Get instant alerts when SFTP/FTP transfers fail. Set up PushFTP's Transfer Failed trigger in Zapier.

·5 min read

When Transfers Break Silently

File transfers fail. Networks hiccup, credentials expire, disks fill up, servers restart. The worst part isn't the failure — it's not knowing about it. If an invoice didn't upload to your SFTP server, how long until someone notices? Hours? Days?

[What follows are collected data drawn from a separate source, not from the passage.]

(* Let $\mathcal U$ be a universal Martin-Löf test. Then $\mathsf{LAY}_{\mathcal U}\le_{\mathrm{sW}}\mathrm{C}_{\mathbb N}$ and $\mathrm{C}_{\mathbb N}\not\le_{\mathrm W}\mathsf{LAY}_{\mathcal U}$.
   Context: Cantor space $2^\omega$, Lebesgue measure $\lambda$. A Martin-Löf (ML) test is a sequence $(\mathcal V_i)_{i\in\omega}$ of open subsets of $2^\omega$ such that $\{\langle i,\sigma\rangle:[\sigma]\subseteq\mathcal V_i\}$ is c.e. and $\lambda(\mathcal V_i)\le 2^{-i}$; it is universal if $\bigcap_i\mathcal V'_i\subseteq\bigcap_i\mathcal V_i$ for every ML-test $\mathcal V'$. $\mathrm{MLR}$ is the set of Martin-Löf random sequences. A representation of a set $X$ is a surjective partial map $\delta_X:\subseteq\omega^\omega\to X$. A realizer of a multi-valued partial function $f:\subseteq X\rightrightarrows Y$ is a partial $\Gamma:\subseteq\omega^\omega\to\omega^\omega$ with $\delta_Y(\Gamma(p))\in f(\delta_X(p))$ for all $p\in\mathrm{dom}(f\circ\delta_X)$. $f\le_{\mathrm W} g$ if there are Turing functionals $\Phi,\Psi$ such that $p\mapsto\Psi(\langle p,\Gamma(\Phi(p))\rangle)$ realizes $f$ for every realizer $\Gamma$ of $g$; $f\le_{\mathrm{sW}} g$ if instead $\Psi\circ\Gamma\circ\Phi$ realizes $f$ for every realizer $\Gamma$ of $g$. $\mathrm{MLR}$ is represented by the identity on $\mathrm{MLR}\subseteq\omega^\omega$, $\omega$ by $\chi_{\{n\}}\mapsto n$, and $\omega^\omega$ by the identity. $\mathsf{LAY}_{\mathcal U}\colon\mathrm{MLR}\rightrightarrows\omega$, $\mathsf{LAY}_{\mathcal U}(X)=\{i:X\notin\mathcal U_i\}$. $\mathrm{C}_{\mathbb N}\colon\subseteq\omega^\omega\rightrightarrows\omega$ has domain $\{f\in\omega^\omega:\exists n\,\forall k\,(f(k)\ne n+1)\}$ and $\mathrm{C}_{\mathbb N}(f)=\omega\setminus\{n:\exists k\,(f(k)=n+1)\}$. *)

(* Computability is modelled by Kleene-style partial recursive
   functions relative to an oracle p : nat -> nat (unary, with Cantor pairing). *)
From Stdlib Require Import Arith List Cantor.
Import ListNotations.

Definition cpair (x y : nat) : nat := Cantor.to_nat (x, y).
Definition cfst (n : nat) : nat := fst (Cantor.of_nat n).
Definition csnd (n : nat) : nat := snd (Cantor.of_nat n).

Inductive prf : Type :=
| PZero | PSucc | PId | PFst | PSnd
| POracle
| PComp (f g : prf)
| PPair (f g : prf)
| PRec (f g : prf)
| PMu (f : prf).

Inductive eval (p : nat -> nat) : prf -> nat -> nat -> Prop :=
| ev_zero x : eval p PZero x 0
| ev_succ x : eval p PSucc x (S x)
| ev_id x : eval p PId x x
| ev_fst x : eval p PFst x (cfst x)
| ev_snd x : eval p PSnd x (csnd x)
| ev_oracle x : eval p POracle x (p x)
| ev_comp f g x y z : eval p g x y -> eval p f y z -> eval p (PComp f g) x z
| ev_pair f g x a b : eval p f x a -> eval p g x b -> eval p (PPair f g) x (cpair a b)
| ev_rec0 f g x v : eval p f x v -> eval p (PRec f g) (cpair x 0) v
| ev_recS f g x n w v : eval p (PRec f g) (cpair x n) w ->
    eval p g (cpair x (cpair n w)) v -> eval p (PRec f g) (cpair x (S n)) v
| ev_mu f x n : eval p f (cpair x n) 0 ->
    (forall m, m < n -> exists k, eval p f (cpair x m) (S k)) ->
    eval p (PMu f) x n.

Definition tf (e : prf) (p q : nat -> nat) : Prop :=
  forall n, eval p e n (q n).

Definition ce (S : nat -> Prop) : Prop :=
  exists e : prf, forall n, S n <-> exists v, eval (fun _ => 0) e n v.

Definition cantor := nat -> bool.
Definition baire := nat -> nat.

Fixpoint code (s : list bool) : nat :=
  match s with
  | [] => 0
  | b :: s' => 2 * code s' + (if b then 2 else 1)
  end.

Definition cyl (s : list bool) : cantor -> Prop :=
  fun X => forall k, k < length s -> X k = nth k s false.

Definition subset (A B : cantor -> Prop) : Prop := forall X, A X -> B X.

Definition is_open (V : cantor -> Prop) : Prop :=
  forall X, V X -> exists n, forall Y, (forall k, k < n -> Y k = X k) -> V Y.

(** Lebesgue measure of an open set V is sup_n (#{s : |s| = n, [s] ⊆ V}) / 2^n.
    [measure_open_le_pow2 V i] says lambda(V) <= 2^-i. *)
Definition measure_open_le_pow2 (V : cantor -> Prop) (i : nat) : Prop :=
  forall (n : nat) (L : list (list bool)), NoDup L ->
    (forall s, In s L -> length s = n /\ subset (cyl s) V) ->
    length L * 2 ^ i <= 2 ^ n.

Definition ML_test (V : nat -> cantor -> Prop) : Prop :=
  (forall i, is_open (V i)) /\
  ce (fun m => exists i s, m = cpair i (code s) /\ subset (cyl s) (V i)) /\
  (forall i, measure_open_le_pow2 (V i) i).

Definition bigcap (V : nat -> cantor -> Prop) : cantor -> Prop :=
  fun X => forall i, V i X.

Definition universal_ML_test (U : nat -> cantor -> Prop) : Prop :=
  ML_test U /\ forall V, ML_test V -> subset (bigcap V) (bigcap U).

Definition MLR (X : cantor) : Prop :=
  forall V, ML_test V -> ~ bigcap V X.

(** Represented spaces: a representation is a relation [rep p x] : p names x. *)
Definition b2n (b : bool) : nat := if b then 1 else 0.

Definition rep_MLR (p : baire) (X : cantor) : Prop :=
  MLR X /\ forall n, p n = b2n (X n).

Definition rep_nat (p : baire) (n : nat) : Prop :=
  forall m, p m = (if Nat.eqb m n then 1 else 0).

Definition rep_baire (p : baire) (f : baire) : Prop := p = f.

(** A (multi-valued, partial) function f :⊆ X ⇉ Y is given by its domain [dom]
    and its value relation [f x y] (y ∈ f(x)).  A partial function
    Γ :⊆ ω^ω → ω^ω is a functional relation [G p q] (Γ(p) = q). *)
Definition functional_rel (G : baire -> baire -> Prop) : Prop :=
  forall p q q', G p q -> G p q' -> q = q'.

Definition realizes {X Y : Type} (repX : baire -> X -> Prop) (repY : baire -> Y -> Prop)
  (dom : X -> Prop) (f : X -> Y -> Prop) (G : baire -> baire -> Prop) : Prop :=
  forall p x, repX p x -> dom x ->
    (exists q, G p q) /\ (forall q, G p q -> exists y, repY q y /\ f x y).

Definition is_realizer {X Y : Type} (repX : baire -> X -> Prop) (repY : baire -> Y -> Prop)
  (dom : X -> Prop) (f : X -> Y -> Prop) (G : baire -> baire -> Prop) : Prop :=
  functional_rel G /\ realizes repX repY dom f G.

Definition join (p q : baire) : baire :=
  fun n => if Nat.even n then p (Nat.div2 n) else q (Nat.div2 n).

Definition W_le {X Y Z W : Type}
  (repX : baire -> X -> Prop) (repY : baire -> Y -> Prop) (domf : X -> Prop) (f : X -> Y -> Prop)
  (repZ : baire -> Z -> Prop) (repW : baire -> W -> Prop) (domg : Z -> Prop) (g : Z -> W -> Prop)
  : Prop :=
  exists Phi Psi : prf, forall G, is_realizer repZ repW domg g G ->
    realizes repX repY domf f
      (fun p r => exists q s, tf Phi p q /\ G q s /\ tf Psi (join p s) r).

Definition sW_le {X Y Z W : Type}
  (repX : baire -> X -> Prop) (repY : baire -> Y -> Prop) (domf : X -> Prop) (f : X -> Y -> Prop)
  (repZ : baire -> Z -> Prop) (repW : baire -> W -> Prop) (domg : Z -> Prop) (g : Z -> W -> Prop)
  : Prop :=
  exists Phi Psi : prf, forall G, is_realizer repZ repW domg g G ->
    realizes repX repY domf f
      (fun p r => exists q s, tf Phi p q /\ G q s /\ tf Psi s r).

Definition LAY_dom (X : cantor) : Prop := MLR X.
Definition LAY (U : nat -> cantor -> Prop) (X : cantor) (i : nat) : Prop := ~ U i X.

Definition CN_dom (f : baire) : Prop := exists n, forall k, f k <> S n.
Definition CN (f : baire) (n : nat) : Prop := forall k, f k <> S n.

(* A name of X computes, uniformly in X, an enumeration of the levels {n | X ∈ U n}:
   simulate the c.e. description of the cylinders of U with a clock and list n whenever
   it confirms [X|N] ⊆ U n. A random X escapes some level, so this is an instance of C_N,
   and every solution is a level avoiding X; the output needs no further processing.
   Conversely, C_N has the computable instance 0^ω, on which a reduction of C_N to LAY_U
   would compute a name of a random sequence. But a computable X is caught by the
   ML test whose i-th level is the cylinder [X|i]. *)

From Stdlib Require Import Arith List Lia Cantor Wf_nat.
From Stdlib Require Import Classical FunctionalExtensionality ClassicalEpsilon.
Import ListNotations.

(** * Oracle programs *)

Lemma cfst_pair a b : cfst (cpair a b) = a.
Proof. unfold cfst, cpair. now rewrite Cantor.cancel_of_to. Qed.

Lemma csnd_pair a b : csnd (cpair a b) = b.
Proof. unfold csnd, cpair. now rewrite Cantor.cancel_of_to. Qed.

Lemma cpair_surj n : cpair (cfst n) (csnd n) = n.
Proof. unfold cfst, csnd, cpair. rewrite <- surjective_pairing. apply Cantor.cancel_to_of. Qed.

Lemma cpair_inj a b c d : cpair a b = cpair c d -> a = c /\ b = d.
Proof.
  intro E. split.
  - now rewrite <- (cfst_pair a b), E, cfst_pair.
  - now rewrite <- (csnd_pair a b), E, csnd_pair.
Qed.

Opaque cpair cfst csnd.
Hint Rewrite cfst_pair csnd_pair : cpair.

Lemma tf_ext e p F G : tf e p F -> (forall x, F x = G x) -> tf e p G.
Proof. intros H E x. rewrite <- E. apply H. Qed.

Lemma tf_zero p : tf PZero p (fun _ => 0).
Proof. intro; constructor. Qed.

Lemma tf_succ p : tf PSucc p S.
Proof. intro; constructor. Qed.

Lemma tf_id p : tf PId p (fun x => x).
Proof. intro; constructor. Qed.

Lemma tf_fst p : tf PFst p cfst.
Proof. intro; constructor. Qed.

Lemma tf_snd p : tf PSnd p csnd.
Proof. intro; constructor. Qed.

Lemma tf_oracle p : tf POracle p p.
Proof. intro; constructor. Qed.

Lemma tf_comp p f g F G : tf f p F -> tf g p G -> tf (PComp f g) p (fun x => F (G x)).
Proof. intros Hf Hg x. econstructor; eauto. Qed.

Lemma tf_pair p f g F G :
  tf f p F -> tf g p G -> tf (PPair f g) p (fun x => cpair (F x) (G x)).
Proof. intros Hf Hg x. econstructor; eauto. Qed.

Fixpoint prim_rec (F G : nat -> nat) (x n : nat) : nat :=
  match n with
  | 0 => F x
  | S n' => G (cpair x (cpair n' (prim_rec F G x n')))
  end.

Lemma tf_rec p f g F G :
  tf f p F -> tf g p G -> tf (PRec f g) p (fun z => prim_rec F G (cfst z) (csnd z)).
Proof.
  intros Hf Hg z.
  assert (H : forall x n, eval p (PRec f g) (cpair x n) (prim_rec F G x n)).
  { intros x n; induction n; simpl; econstructor; eauto. }
  specialize (H (cfst z) (csnd z)). now rewrite cpair_surj in H.
Qed.

(* Derived programs get priority 0, so that [eauto] uses their specifications
   instead of unfolding them. *)
Create HintDb tf discriminated.
#[export] Hint Resolve tf_zero tf_succ tf_id tf_fst tf_snd tf_oracle | 2 : tf.
#[export] Hint Resolve tf_comp tf_pair tf_rec | 2 : tf.

Ltac tf_program := eapply tf_ext; [solve [eauto 200 with tf] | intro; cbv beta].

Definition PCond (h0 h1 : prf) : prf := PRec h0 (PComp h1 (PPair PFst (PComp PFst PSnd))).

Lemma tf_cond p h0 h1 F0 F1 : tf h0 p F0 -> tf h1 p F1 ->
  tf (PCond h0 h1) p
    (fun z => match csnd z with 0 => F0 (cfst z) | S n => F1 (cpair (cfst z) n) end).
Proof.
  intros H0 H1. unfold PCond. tf_program.
  destruct (csnd _); simpl; now autorewrite with cpair.
Qed.

Definition PCase (a h0 h1 : prf) : prf := PComp (PCond h0 h1) (PPair PId a).

Lemma tf_case p a h0 h1 A F0 F1 : tf a p A -> tf h0 p F0 -> tf h1 p F1 ->
  tf (PCase a h0 h1) p (fun z => match A z with 0 => F0 z | S n => F1 (cpair z n) end).
Proof.
  intros Ha H0 H1. unfold PCase. eapply tf_ext.
  - apply tf_comp; [apply tf_cond; eassumption | apply tf_pair; [apply tf_id | eassumption]].
  - intro z. cbv beta. now autorewrite with cpair.
Qed.

#[export] Hint Resolve tf_cond tf_case | 0 : tf.

Definition POne : prf := PComp PSucc PZero.
Definition PPred : prf := PComp (PRec PZero (PComp PFst PSnd)) (PPair PZero PId).
Definition PAdd : prf := PRec PId (PComp PSucc (PComp PSnd PSnd)).
Definition PMul : prf := PRec PZero (PComp PAdd (PPair (PComp PSnd PSnd) PFst)).
Definition PSub : prf := PRec PId (PComp PPred (PComp PSnd PSnd)).
Definition PDist : prf := PComp PAdd (PPair PSub (PComp PSub (PPair PSnd PFst))).

Lemma tf_one p : tf POne p (fun _ => 1).
Proof. unfold POne. now tf_program. Qed.

Lemma tf_pred p : tf PPred p pred.
Proof.
  unfold PPred. tf_program. autorewrite with cpair.
  destruct x; simpl; now autorewrite with cpair.
Qed.

#[export] Hint Resolve tf_one tf_pred | 0 : tf.

Lemma tf_add p : tf PAdd p (fun z => cfst z + csnd z).
Proof.
  unfold PAdd. tf_program. generalize (cfst x) (csnd x). intros a n.
  induction n; simpl; autorewrite with cpair; lia.
Qed.

#[export] Hint Resolve tf_add | 0 : tf.

Lemma tf_mul p : tf PMul p (fun z => cfst z * csnd z).
Proof.
  unfold PMul. tf_program. generalize (cfst x) (csnd x). intros a n.
  induction n; simpl; autorewrite with cpair; lia.
Qed.

Lemma tf_sub p : tf PSub p (fun z => cfst z - csnd z).
Proof.
  unfold PSub. tf_program. generalize (cfst x) (csnd x). intros a n.
  induction n; simpl; autorewrite with cpair; lia.
Qed.

#[export] Hint Resolve tf_mul tf_sub | 0 : tf.

Lemma tf_dist p : tf PDist p (fun z => (cfst z - csnd z) + (csnd z - cfst z)).
Proof. unfold PDist. tf_program. now autorewrite with cpair. Qed.

#[export] Hint Resolve tf_dist | 0 : tf.

(** * Evaluation with a clock *)

Definition zero_oracle : baire := fun _ => 0.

PushFTP's Transfer Failed trigger in Zapier fires the moment a transfer goes wrong. You get an alert, you fix it, you move on. No silent failures.

What You Need

  • A PushFTP account with at least one connection (sign up free)
  • A Zapier account
  • Somewhere to send alerts (email, Slack, webhook, etc.)

Step 1: Connect PushFTP to Zapier

If you haven't already, add PushFTP to your Zapier account:

  1. In Zapier, search for PushFTP
  2. Click Connect
  3. Paste your API key from the PushFTP dashboard

Your API key is under Settings → API Keys. Need help? Check the getting started guide.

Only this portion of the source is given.